Indeed, it is a most ironic thing that in my own county, where there is one of these open prisons and where exactly this situation has developed, it has now been found necessary, because the prison is situated in an old prisoner of war building of which the requisition is coming to an end, to give up this open prison, and the local people who protested against its being opened in the first instance are now flooding the Home Office with petitions against its being closed. Is that not a remarkable thing, and is it not most unfortunate that some technical objection like the coming to an end of the requisition is preventing this magnificent piece of work from being carried on? It is all to be concentrated in a much larger open prison. I should like to add my voice to those who have protested against that. One of the most important modern discoveries in penology that has been made is that the smaller the prisons with which you deal, the more likely are you to have success. I think it is a pity that this admirable little open prison in South Westmorland is going to be closed down in order that it may be merged with a new large open prison, which, no doubt, will be excellently conducted, but where the valuable local enthusiasm will all be sacrificed.

I should like also to support everything that has been said about the importance of training these men so that they have a real skill at their disposal when they leave prison. That is the most difficult time, and it is a time on which the least attention has been concentrated—perhaps the most important time there is in the history of a prisoner. So frequently he leaves without any sort of skill having been provided for him which he can use when he once more becomes a free citizen. It is obvious that there are difficulties in the way of training in the prisons. In some of the prisons these difficulties are surmounted, but I think that one of the troubles is that which was referred to by the right reverend Prelate the Lord Bishop of Exeter about the over-emphasis on the security arrangements all the time.

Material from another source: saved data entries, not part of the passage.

(* Let $K^2$ be the Klein bottle, with $\pi_1(K^2)\cong\langle a,b\mid aba^{-1}=b^{-1}\rangle$, and let $\rho:\pi_1(K^2)\to\mathrm{SL}_2(\mathbb C)$ be a representation. Then, up to conjugation, exactly one of the following holds: (1) $\rho(b)=\pm I$ and $\rho(a)$ is arbitrary; (2) $\rho(b)=\pm\begin{pmatrix}\lambda&0\\0&\lambda^{-1}\end{pmatrix}$ with $\lambda\neq\pm1$ and $\rho(a)=\pm\begin{pmatrix}0&1\\-1&0\end{pmatrix}$; (3) $\rho(b)=\pm\begin{pmatrix}1&1\\0&1\end{pmatrix}$ and $\rho(a)=\pm\begin{pmatrix}i&0\\0&-i\end{pmatrix}$. *)

From HB Require Import structures.
From mathcomp Require Import all_boot all_order all_algebra.
From mathcomp Require Import complex.
From mathcomp Require Import reals.
Set Implicit Arguments. Unset Strict Implicit. Unset Printing Implicit Defensive.
Import Order.TTheory GRing.Theory Num.Theory.
Local Open Scope ring_scope.

Definition mx2 {T : nmodType} (a b c d : T) : 'M[T]_2 :=
  \matrix_(i < 2, j < 2)
    if (i == 0 :> nat) then (if (j == 0 :> nat) then a else b)
    else (if (j == 0 :> nat) then c else d).

(* A pair (A, B) = (rho(a), rho(b)) of SL_2(C) matrices satisfying the
   Klein-bottle relation a b a^-1 = b^-1, i.e. a representation
   pi_1(K^2) -> SL_2(C). *)
Definition klein_rep (R : realType) (A B : 'M[R[i]]_2) : Prop :=
  \det A = 1 /\ \det B = 1 /\ A *m B *m invmx A = invmx B.

Definition mxconj (R : realType) (P M : 'M[R[i]]_2) : 'M[R[i]]_2 :=
  P *m M *m invmx P.

Definition case1 (R : realType) (A B : 'M[R[i]]_2) : Prop :=
  B = 1%:M \/ B = - 1%:M.

Definition case2 (R : realType) (A B : 'M[R[i]]_2) : Prop :=
  exists lam : R[i], [/\ lam != 0, lam != 1, lam != -1,
    (B = mx2 lam 0 0 lam^-1 \/ B = - mx2 lam 0 0 lam^-1) &
    (A = mx2 0 1 (-1) 0 \/ A = - mx2 0 1 (-1) 0)].

Definition case3 (R : realType) (A B : 'M[R[i]]_2) : Prop :=
  (B = mx2 1 1 0 1 \/ B = - mx2 1 1 0 1) /\
  (A = mx2 'i 0 0 (- 'i) \/ A = - mx2 'i 0 0 (- 'i)).

Definition up_to_conj (R : realType)
    (C : 'M[R[i]]_2 -> 'M[R[i]]_2 -> Prop) (A B : 'M[R[i]]_2) : Prop :=
  exists P : 'M[R[i]]_2, P \in unitmx /\ C (mxconj P A) (mxconj P B).

From HB Require Import structures.
From mathcomp Require Import all_boot all_order all_algebra.
From mathcomp Require Import complex reals.
From mathcomp Require Import ring.
Set Implicit Arguments.
Unset Strict Implicit.
Unset Printing Implicit Defensive.

Import Order.TTheory GRing.Theory Num.Theory.
Local Open Scope ring_scope.

(* The Klein relation a b a^-1 = b^-1 is equivalent to b a b = a, and both are
   stable under simultaneous conjugation.  Over C the matrix B is conjugate to
   an upper triangular [[l, x], [0, l^-1]].  If l^2 <> 1, a unipotent
   conjugation makes B diagonal; the relation then forces A to be
   antidiagonal, and a diagonal conjugation, which fixes B, turns A into
   [[0, 1], [-1, 0]].  If l = +-1 then either x = 0 and B = +-I, or the
   relation forces A = [[m, y], [0, -m]] with m^2 = -1, and one upper
   triangular conjugation brings the pair to the normal form of case (3).
   The cases are separated by conjugation invariants: B = +-I is central, and
   (tr B)^2 equals 4 in case (3) but (l + l^-1)^2 <> 4 in case (2). *)

Lemma mx2E (T : nmodType) (M : 'M[T]_2) :
  M = mx2 (M 0 0) (M 0 1) (M 1 0) (M 1 1).
Proof.
apply/matrixP => i j; rewrite !mxE.
by case: i j => [[|[|i]] ?] [[|[|j]] ?] //=; congr (M _ _); apply/val_inj.
Qed.

Lemma mx2P (T : nmodType) (a b c d a' b' c' d' : T) :
  mx2 a b c d = mx2 a' b' c' d' <-> [/\ a = a', b = b', c = c' & d = d'].
Proof.
split=> [/matrixP eq_ad | [-> -> -> ->] //].
by have := eq_ad 0 0; have := eq_ad 0 1; have := eq_ad 1 0; have := eq_ad 1 1;
  rewrite !mxE.
Qed.

Lemma mx2N (T : zmodType) (a b c d : T) :
  - mx2 a b c d = mx2 (- a) (- b) (- c) (- d).
Proof. by rewrite [LHS]mx2E !mxE. Qed.

Lemma scalar_mx2 (T : pzRingType) (x : T) : x%:M = mx2 x 0 0 x.
Proof. by rewrite [LHS]mx2E !mxE. Qed.

Lemma mulmx2 (T : pzRingType) (a b c d a' b' c' d' : T) :
  mx2 a b c d *m mx2 a' b' c' d' =
  mx2 (a * a' + b * c') (a * b' + b * d') (c * a' + d * c') (c * b' + d * d').
Proof. by rewrite [LHS]mx2E !mxE !big_ord_recr !big_ord0 !mxE /= !add0r. Qed.

Lemma det_mx2 (T : comPzRingType) (a b c d : T) :
  \det (mx2 a b c d) = a * d - b * c.
Proof.
rewrite (expand_det_row _ 0) !big_ord_recl big_ord0 /cofactor !det_mx11 !mxE /=.
by rewrite /bump /= expr0 expr1; ring.
Qed.

Lemma mxtrace_mx2 (T : pzRingType) (a b c d : T) : \tr (mx2 a b c d) = a + d.
Proof. by rewrite /mxtrace !big_ord_recr big_ord0 /= !mxE add0r. Qed.

Lemma unitmx_mx2 (T : comUnitRingType) (a b c d : T) :
  (mx2 a b c d \in unitmx) = (a * d - b * c \is a GRing.unit).
Proof. by rewrite unitmxE det_mx2. Qed.

Lemma invmx_mx2 (T : comUnitRingType) (a b c d : T) : a * d - b * c = 1 ->
  invmx (mx2 a b c d) = mx2 d (- b) (- c) a.
Proof.
move=> det1; have inv_r : mx2 a b c d *m mx2 d (- b) (- c) a = 1%:M.
  by rewrite mulmx2 scalar_mx2; apply/mx2P; split; rewrite -?det1; ring.
have [unit_l _] := mulmx1_unit inv_r.
by rewrite -[RHS](mulKmx unit_l) inv_r mulmx1.
Qed.

Lemma conjmx_intertwined (T : comUnitRingType) n (P M N : 'M[T]_n) :
  P \in unitmx -> P *m M = N *m P -> P *m M *m invmx P = N.
Proof. by move=> uP ->; rewrite mulmxK. Qed.

Lemma pm_sqr_entry (T : pzRingType) m n (M N : 'M[T]_(m, n)) i j :
  M = N \/ M = - N -> M i j ^+ 2 = N i j ^+ 2.
Proof. by case=> ->; rewrite ?mxE ?sqrrN. Qed.

Lemma pm_sqr_mxtrace (T : pzRingType) n (M N : 'M[T]_n) :
  M = N \/ M = - N -> \tr M ^+ 2 = \tr N ^+ 2.
Proof. by case=> ->; rewrite ?linearN ?sqrrN. Qed.

Lemma closed_quadratic_root (F : closedFieldType) (a b c : F) : a != 0 ->
  exists x, a * x ^+ 2 + b * x + c = 0.
Proof.
move=> a_neq0.
have [x root_x] := @solve_monicpoly F 2 (nth 0 [:: - c / a; - b / a]) isT.
exists x; move: root_x.
rewrite !big_ord_recr big_ord0 /= expr0 expr1 add0r => root_x.
by rewrite root_x; field.
Qed.

Lemma triangularize (F : closedFieldType) (M : 'M[F]_2) :
  exists2 P : 'M[F]_2, P \in unitmx & (P *m M *m invmx P) 1 0 = 0.
Proof.
rewrite [M]mx2E; move: (M 0 0) (M 0 1) (M 1 0) (M 1 1) => a b c d.
have [->|b_neq0] := eqVneq b 0.
  have uJ : @mx2 F 0 1 (-1) 0 \in unitmx.
    by rewrite unitmx_mx2 mul0r sub0r mul1r opprK unitr1.
  exists (mx2 0 1 (-1) 0) => //.
  rewrite (conjmx_intertwined (N := mx2 d (- c) 0 a)) ?mxE //.
  by rewrite !mulmx2; apply/mx2P; split; ring.
have [y root_y] := closed_quadratic_root (d - a) (- c) b_neq0.
have uP : @mx2 F 1 0 y 1 \in unitmx.
  by rewrite unitmx_mx2 mul1r mul0r subr0 unitr1.
exists (mx2 1 0 y 1) => //.
rewrite (conjmx_intertwined (N := mx2 (a - b * y) b 0 (y * b + d))) ?mxE //.
rewrite !mulmx2; apply/mx2P; split; try ring.
by rewrite mul0r add0r -[LHS]addr0 -root_y; ring.
Qed.

Section KleinBottle.

Variable R : realType.
Local Notation C := R[i].
Implicit Types (A B M N P Q : 'M[C]_2).

Lemma mxconjM P M N : P \in unitmx ->
  mxconj P (M *m N) = mxconj P M *m mxconj P N.
Proof. by move=> uP; rewrite /mxconj !mulmxA mulmxKV. Qed.

Lemma mxconjN P M : mxconj P (- M) = - mxconj P M.
Proof. by rewrite /mxconj mulmxN mulNmx. Qed.

Lemma mxconj_scalar P (a : C) : P \in unitmx -> mxconj P a%:M = a%:M.
Proof. by move=> uP; rewrite /mxconj scalar_mxC -mulmxA mulmxV // mulmx1. Qed.

Lemma mxconj_comp P Q M : P \in unitmx -> Q \in unitmx ->
  mxconj (Q *m P) M = mxconj Q (mxconj P M).
Proof.
move=> uP uQ; apply: conjmx_intertwined; first by rewrite unitmx_mul uQ.
by rewrite /mxconj !mulmxA !mulmxKV.
Qed.

Lemma mxconjK P : P \in unitmx -> cancel (mxconj P) (mxconj (invmx P)).
Proof.
by move=> uP M; rewrite /mxconj invmxK !mulmxA mulVmx // mul1mx mulmxKV.
Qed.

Lemma det_mxconj P M : P \in unitmx -> \det (mxconj P M) = \det M.
Proof.
rewrite unitmxE => udP.
by rewrite /mxconj !det_mulmx det_inv mulrAC mulrV ?mul1r.
Qed.

Lemma mxtrace_mxconj P M : P \in unitmx -> \tr (mxconj P M) = \tr M.
Proof. by move=> uP; rewrite /mxconj mxtrace_mulC mulmxA mulVmx // mul1mx. Qed.

Lemma up_to_conj_conj (Cs : 'M[C]_2 -> 'M[C]_2 -> Prop) P A B : P \in unitmx ->
  up_to_conj Cs (mxconj P A) (mxconj P B) -> up_to_conj Cs A B.
Proof.
move=> uP [Q [uQ CsQ]]; exists (Q *m P); split; first by rewrite unitmx_mul uQ.
by rewrite !mxconj_comp.
Qed.

Lemma klein_rep_mulmx A B : klein_rep A B -> A *m B = invmx B *m A.
Proof. by case=> dA [_ rel]; rewrite -rel mulmxKV // unitmxE dA unitr1. Qed.

Lemma klein_repE A B :
  klein_rep A B <-> [/\ \det A = 1, \det B = 1 & B *m A *m B = A].
Proof.
have unit_det1 M : \det M = 1 -> M \in unitmx.
  by move=> dM; rewrite unitmxE dM unitr1.
split=> [kAB | [dA dB rel]].
  have [dA [dB _]] := kAB; split=> //.
  by rewrite -mulmxA (klein_rep_mulmx kAB) mulKVmx // unit_det1.
have AB : A *m B = invmx B *m A.
  by rewrite -{2}rel !mulmxA mulVmx ?mul1mx // unit_det1.
by do 2!split=> //; rewrite AB mulmxK // unit_det1.
Qed.

Lemma klein_rep_conj P A B : P \in unitmx ->
  klein_rep A B -> klein_rep (mxconj P A) (mxconj P B).
Proof.
move=> uP /klein_repE[dA dB rel]; apply/klein_repE.
by split; rewrite ?det_mxconj // -!mxconjM // rel.
Qed.

Lemma klein_rep_diag_case2 A (l : C) : l != 0 -> l ^+ 2 != 1 ->
  klein_rep A (mx2 l 0 0 l^-1) -> up_to_conj (@case2 R) A (mx2 l 0 0 l^-1).
Proof.
move=> l_neq0 l2_neq1 kAB; have AB := klein_rep_mulmx kAB.
rewrite invmx_mx2 ?mulr0 ?subr0 ?mulfV // !oppr0 in AB.
case: kAB AB => + _; rewrite [A]mx2E.
move: (A 0 0) (A 0 1) (A 1 0) (A 1 1) => a b c d.
rewrite det_mx2 !mulmx2 !(mulr0, mul0r, addr0, add0r) => detA /mx2P[e1 _ _ e4].
have l_neq_inv : l != l^-1.
  by apply: contraNneq l2_neq1 => l_inv; rewrite expr2 {2}l_inv mulfV.
have twisted0 (y u v : C) : u != v -> y * u = v * y -> y = 0.
  move=> u_neq_v yu; have : y * (u - v) = 0 by rewrite mulrBr yu mulrC subrr.
  by move/eqP; rewrite mulf_eq0 subr_eq0 (negbTE u_neq_v) orbF => /eqP.
have a0 : a = 0 by apply: twisted0 e1.
have d0 : d = 0 by apply: twisted0 e4; rewrite eq_sym.
have bc : b * c = -1 by rewrite -detA a0 d0; ring.
have b_neq0 : b != 0.
  by apply/eqP => b0; move/eqP: bc; rewrite b0 mul0r eq_sym oppr_eq0 oner_eq0.
have uP : @mx2 C 1 0 0 b \in unitmx.
  by rewrite unitmx_mx2 mul1r mulr0 subr0 unitfE.
exists (mx2 1 0 0 b); split => //; exists l.
move: l2_neq1; rewrite sqrf_eq1 negb_or => /andP[l_neq1 l_neqN1].
split=> //; left; apply: conjmx_intertwined => //.
  by rewrite !mulmx2; apply/mx2P; split; ring.
by rewrite a0 d0 !mulmx2; apply/mx2P; split; rewrite ?bc; ring.
Qed.

Lemma klein_rep_unipotent_case3 A (l x : C) : l ^+ 2 = 1 -> x != 0 ->
  klein_rep A (mx2 l x 0 l) -> up_to_conj (@case3 R) A (mx2 l x 0 l).
Proof.
move=> l2 x_neq0 kAB; have AB := klein_rep_mulmx kAB.
rewrite invmx_mx2 ?mulr0 ?subr0 -?expr2 // oppr0 in AB.
case: kAB AB => + _; rewrite [A]mx2E.
move: (A 0 0) (A 0 1) (A 1 0) (A 1 1) => a b c d.
rewrite det_mx2 !mulmx2 => detA /mx2P[e1 e2 _ _].
have defect (u v : C) : u = v -> u - v = 0 by move->; rewrite subrr.
have /eqP : x * c = 0 by rewrite -(defect _ _ e1); ring.
rewrite mulf_eq0 (negbTE x_neq0) => /eqP c0.
have /eqP : x * (a + d) = 0 by rewrite -(defect _ _ e2); ring.
rewrite mulf_eq0 (negbTE x_neq0) addrC addr_eq0 => /eqP d_eq.
subst c d; have /eqP : a ^+ 2 = 'i ^+ 2 by rewrite sqrCi -detA; ring.
rewrite eqf_sqr => a_pm_i.
have a_neq0 : a != 0 by case/orP: a_pm_i => /eqP->; rewrite ?oppr_eq0 neq0Ci.
have two_neq0 : (2 : C) != 0 by rewrite pnatr_eq0.
have l_neq0 : l != 0.
  by apply/eqP => l0; move/eqP: l2; rewrite l0 expr0n eq_sym oner_eq0.
(* [q] makes the conjugate of A diagonal: its (0, 1) entry is l b - 2 a q. *)
set q := l * b / (2 * a).
have uP : mx2 l q 0 x \in unitmx.
  by rewrite unitmx_mx2 mulr0 subr0 unitfE mulf_neq0.
exists (mx2 l q 0 x); split=> //; split.
  rewrite /mxconj (conjmx_intertwined (N := mx2 l l 0 l)) //; last first.
    by rewrite !mulmx2; apply/mx2P; split; ring.
  move/eqP: l2; rewrite sqrf_eq1 => /orP[]/eqP->; [left | right] => //.
  by rewrite mx2N oppr0.
rewrite /mxconj (conjmx_intertwined (N := mx2 a 0 0 (- a))) //; last first.
  by rewrite !mulmx2; apply/mx2P; split; rewrite /q; field.
by case/orP: a_pm_i => /eqP->; [left | right]; rewrite // mx2N oppr0.
Qed.

Lemma klein_rep_upper_triangular A B : klein_rep A B -> B 1 0 = 0 ->
  [\/ up_to_conj (@case1 R) A B, up_to_conj (@case2 R) A B
    | up_to_conj (@case3 R) A B].
Proof.
move=> kAB B10; have [_ [+ _]] := kAB.
move: kAB; rewrite [B]mx2E B10; move: (B 0 0) (B 0 1) (B 1 1) => l x m kAB.
rewrite det_mx2 mulr0 subr0 => lm1.
have l_neq0 : l != 0 by rewrite -unitfE; apply/unitrPr; exists m.
rewrite -(mulr1_eq lm1) in kAB *.
have [l2|l2_neq1] := eqVneq (l ^+ 2) 1.
  have l_inv : l^-1 = l by apply: mulr1_eq; rewrite -expr2.
  rewrite l_inv in kAB *.
  have [x0|x_neq0] := eqVneq x 0; last first.
    by apply: Or33; apply: klein_rep_unipotent_case3.
  apply: Or31; exists 1%:M; split; first exact: unitmx1.
  rewrite /case1 /mxconj invmx1 mul1mx mulmx1 x0 scalar_mx2 mx2N oppr0.
  by move/eqP: l2; rewrite sqrf_eq1 => /orP[]/eqP->; [left | right].
apply: Or32.
have l2_sub_neq0 : l * l - 1 != 0 by rewrite -expr2 subr_eq0.
set U := mx2 1 (l * x / (l * l - 1)) 0 1.
have uU : U \in unitmx by rewrite unitmx_mx2 mulr1 mulr0 subr0 unitr1.
have diagB : mxconj U (mx2 l x 0 l^-1) = mx2 l 0 0 l^-1.
  apply: conjmx_intertwined => //; rewrite !mulmx2; apply/mx2P.
  by split; field; rewrite ?l_neq0 ?l2_sub_neq0.
apply: (up_to_conj_conj (Cs := @case2 R) uU); rewrite diagB.
by apply: klein_rep_diag_case2; rewrite // -diagB; apply: klein_rep_conj.
Qed.

Lemma case1_conj P A B : P \in unitmx ->
  case1 A B -> case1 (mxconj P A) (mxconj P B).
Proof.
by move=> uP [->|->]; rewrite ?mxconjN mxconj_scalar //; [left | right].
Qed.

Lemma up_to_conj_case1 A B : up_to_conj (@case1 R) A B -> case1 A B.
Proof.
case=> P [uP]; have uP' : invmx P \in unitmx by rewrite unitmx_inv.
by move/(case1_conj uP'); rewrite !mxconjK.
Qed.

Lemma case2_not_case1 A B : case2 A B -> ~ case1 A B.
Proof.
case=> l [_ l_neq1 l_neqN1 B2 _] /(pm_sqr_entry 0 0).
rewrite (pm_sqr_entry 0 0 B2) !mxE /= expr1n => /eqP.
by rewrite sqrf_eq1 (negbTE l_neq1) (negbTE l_neqN1).
Qed.

Lemma case3_not_case1 A B : case3 A B -> ~ case1 A B.
Proof.
case=> B3 _ /(pm_sqr_entry 0 1).
rewrite (pm_sqr_entry 0 1 B3) !mxE /= expr1n expr0n => /eqP.
by rewrite oner_eq0.
Qed.

Lemma case2_sqr_mxtrace A B : case2 A B -> \tr B ^+ 2 != 4.
Proof.
case=> l [l_neq0 l_neq1 l_neqN1 /pm_sqr_mxtrace-> _]; rewrite mxtrace_mx2.
have sqr_diff : (l - l^-1) ^+ 2 = (l + l^-1) ^+ 2 - 4 by field.
apply/eqP => tr4; move/eqP: sqr_diff.
rewrite tr4 subrr expf_eq0 subr_eq0 => /eqP l_inv.
move/eqP: (mulfV l_neq0); rewrite -l_inv -expr2 sqrf_eq1.
by rewrite (negbTE l_neq1) (negbTE l_neqN1).
Qed.

Lemma case3_sqr_mxtrace A B : case3 A B -> \tr B ^+ 2 = 4.
Proof. by case=> /pm_sqr_mxtrace-> _; rewrite mxtrace_mx2; ring. Qed.

End KleinBottle.

Theorem lemma4p1 (R : realType) (A B : 'M[R[i]]_2) :
  klein_rep A B ->
  let c1 := up_to_conj (@case1 R) A B in
  let c2 := up_to_conj (@case2 R) A B in
  let c3 := up_to_conj (@case3 R) A B in
  (c1 \/ c2 \/ c3) /\ ~ (c1 /\ c2) /\ ~ (c1 /\ c3) /\ ~ (c2 /\ c3).
Proof.
move=> kAB c1 c2 c3; split; [|split; [|split]].
- have [P uP lowB] := triangularize B.
  have [] := klein_rep_upper_triangular (klein_rep_conj uP kAB) lowB;
    move/(up_to_conj_conj uP); tauto.
- move=> [/up_to_conj_case1 B1 [P [uP /case2_not_case1]]].
  by apply; apply: case1_conj.
- move=> [/up_to_conj_case1 B1 [P [uP /case3_not_case1]]].
  by apply; apply: case1_conj.
- move=> [[P [uP c2P]] [Q [uQ c3Q]]].
  have := case2_sqr_mxtrace c2P; rewrite mxtrace_mxconj //.
  by rewrite -(mxtrace_mxconj B uQ) (case3_sqr_mxtrace c3Q) eqxx.
Qed.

I think we might make use of the facilities in the technical schools and colleges up and down the country by sending these men out to be trained there, but everybody is so afraid that they are going to escape. That was one of the arguments against the open prisons. Let one or two escape. It would be much better to take the risk of one or two escaping if we could build up the abilities of the great mass of the others. But I do not myself believe that there is this danger of their escaping, because, if they feel that they are being treated like human beings, and know they are being encouraged and assisted to take their proper part in the work of the world when they come out, then, in ninety-nine cases out of a hundred, they will cooperate. The man who will want to take the opportunity of escaping will be a very rare bird indeed.

Therefore, I would emphasise the importance of getting away, to some extent, from the insistence on security at every possible turn. There is, of course, a hard core of these prisoners—usually, they are perfectly well known to the police and Prison Commissioners—who are likely to try to escape, but these can be looked after under real security arrangements. But to treat the whole of the rest of the prison population on this extreme security basis because of this hard core seems to me to be a very srious mistake.

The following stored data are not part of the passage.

(* (1) $M=\bigoplus_{d\in \mathbb{N}} G_d$, where $G_d$ is the set of permutations of $\mathcal{X}_d$ which commute with $\mathrm{Gal}(\mathbb{F}_{q^d}:\mathbb{F}_q)$. (2) $G_d\cong \mathbb{Z}/d\mathbb{Z} \wr \mathrm{Perm}(r_d)$, where $r_d$ is the number of orbits of size $d$ (i.e. $r_d=d^{-1}\#\mathcal{X}_d$). (3) Equivalently, $G_d\cong (\mathbb{Z}/d\mathbb{Z})^{r_d}\rtimes_h \mathrm{Perm}(r_d)$, where $h:\mathrm{Perm}(r_d)\to \mathrm{Aut}((\mathbb{Z}/d\mathbb{Z})^{r_d})$ is given by $h(\sigma)(a_1,\dots,a_{r_d})=(a_{(1)^\sigma},\dots,a_{(r_d)^\sigma})$.
   Context: $M$ denotes the set of permutations of $\overline{\mathbb{F}}_q^n$ induced by profinite polynomial endomorphisms over $\mathbb{F}_q$; equivalently, $M$ is the set of permutations of $\overline{\mathbb{F}}_q^n$ commuting with the coordinatewise action of $\mathrm{Gal}(\overline{\mathbb{F}}_q:\mathbb{F}_q)$. $\mathcal{X}_d$ is the union of all orbits of size $d$ of $\mathrm{Gal}(\overline{\mathbb{F}}_q:\mathbb{F}_q)$ acting on $\overline{\mathbb{F}}_q^n$. Permutations act on the right: $(x)^{\sigma\rho}=((x)^\sigma)^\rho$. *)

From HB Require Import structures.
From mathcomp Require Import all_boot all_order all_algebra all_fingroup.
Set Implicit Arguments. Unset Strict Implicit. Unset Printing Implicit Defensive.
Import GRing.Theory.
Local Open Scope ring_scope.

Definition has_card (T : eqType) (A : T -> Prop) (N : nat) : Prop :=
  exists s : seq T, size s = N /\ uniq s /\ (forall x, A x <-> x \in s).

(* Setting: F = F_q (any finite field), K = an algebraic closure of F
   (algebraically closed field, algebraic over the image of iota : F -> K). *)
Section Setting.
Variables (F : finFieldType) (K : closedFieldType) (iota : {rmorphism F -> K}).
Variable n : nat.

Definition isGal (g : K -> K) : Prop :=
  [/\ bijective g, (forall x y, g (x + y) = g x + g y),
      (forall x y, g (x * y) = g x * g y), g 1 = 1
    & (forall a, g (iota a) = iota a)].

Definition gact (g : K -> K) (x : 'rV[K]_n) : 'rV[K]_n := map_mx g x.

Definition in_orbit (x y : 'rV[K]_n) : Prop :=
  exists g, isGal g /\ y = gact g x.

Definition inX (d : nat) (x : 'rV[K]_n) : Prop := has_card (in_orbit x) d.

Definition Mperm :=
  {s : 'rV[K]_n -> 'rV[K]_n |
     bijective s /\ forall g, isGal g -> forall x, s (gact g x) = gact g (s x)}.

Definition Xd (d : nat) := {x : 'rV[K]_n | inX d x}.

Definition Gd (d : nat) :=
  {f : Xd d -> Xd d |
     bijective f /\ forall g, isGal g -> forall x y : Xd d,
        sval y = gact g (sval x) -> sval (f y) = gact g (sval (f x))}.

End Setting.
Arguments inX [F K] iota n d x.
Arguments in_orbit [F K] iota n x y.

(* Permutations act on the right: h = "first f, then g". *)
Definition Gd_comp F K iota n d (f g h : @Gd F K iota n d) : Prop :=
  forall x, sval h x = sval g (sval f x).

(* Z/dZ, for d >= 1 *)
Definition Zmod (d : nat) := 'I_(d.-1).+1.

(* Wreath product A wr Perm(r) = A^r x| Perm(r), Perm(r) permuting the
   coordinates; MathComp permutations compose on the right ((s*t) i = t (s i)). *)
Definition wreath_mul (A : zmodType) (r : nat)
  (u v : {ffun 'I_r -> A} * {perm 'I_r}) : {ffun 'I_r -> A} * {perm 'I_r} :=
  ([ffun i => u.1 i + v.1 (u.2 i)], (u.2 * v.2)%g).

Definition sdp_mul (A : zmodType) (r : nat)
  (h : {perm 'I_r} -> {ffun 'I_r -> A} -> {ffun 'I_r -> A})
  (u v : {ffun 'I_r -> A} * {perm 'I_r}) : {ffun 'I_r -> A} * {perm 'I_r} :=
  (u.1 + h u.2 v.1, (u.2 * v.2)%g).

I should like also to add my support to the plea which has just been made by my noble friend Lord Haden-Guest about the vicious folly of shutting these men up three in a cell. My view is that provision ought to be made for prisoners to have the society of their wives. We have been altogether too squeamish about these problems of homosexuality in connection with prisons. So far as I know, no effective study has ever been made in this country of the relationship between homosexuality and life in the prisons. In America, Professor Kinsey has devoted a great deal of careful research to this problem, and I think has proved conclusively that a great amount of homosexuality is developed as a result of prison life, quite apart from a situation in which three men have to sleep together every night in one cell.

In some parts of the world, arrangements are made by which prisoners may have the society of their wives, and that has been found, I think, to be of great benefit, not only in preventing the development of homosexuality but also in the development of these prisoners. When the men are released they feel that they have been treated like human beings, and they respond. Therefore, I should like to support strongly what my noble friend Lord Haden-Guest said on this matter.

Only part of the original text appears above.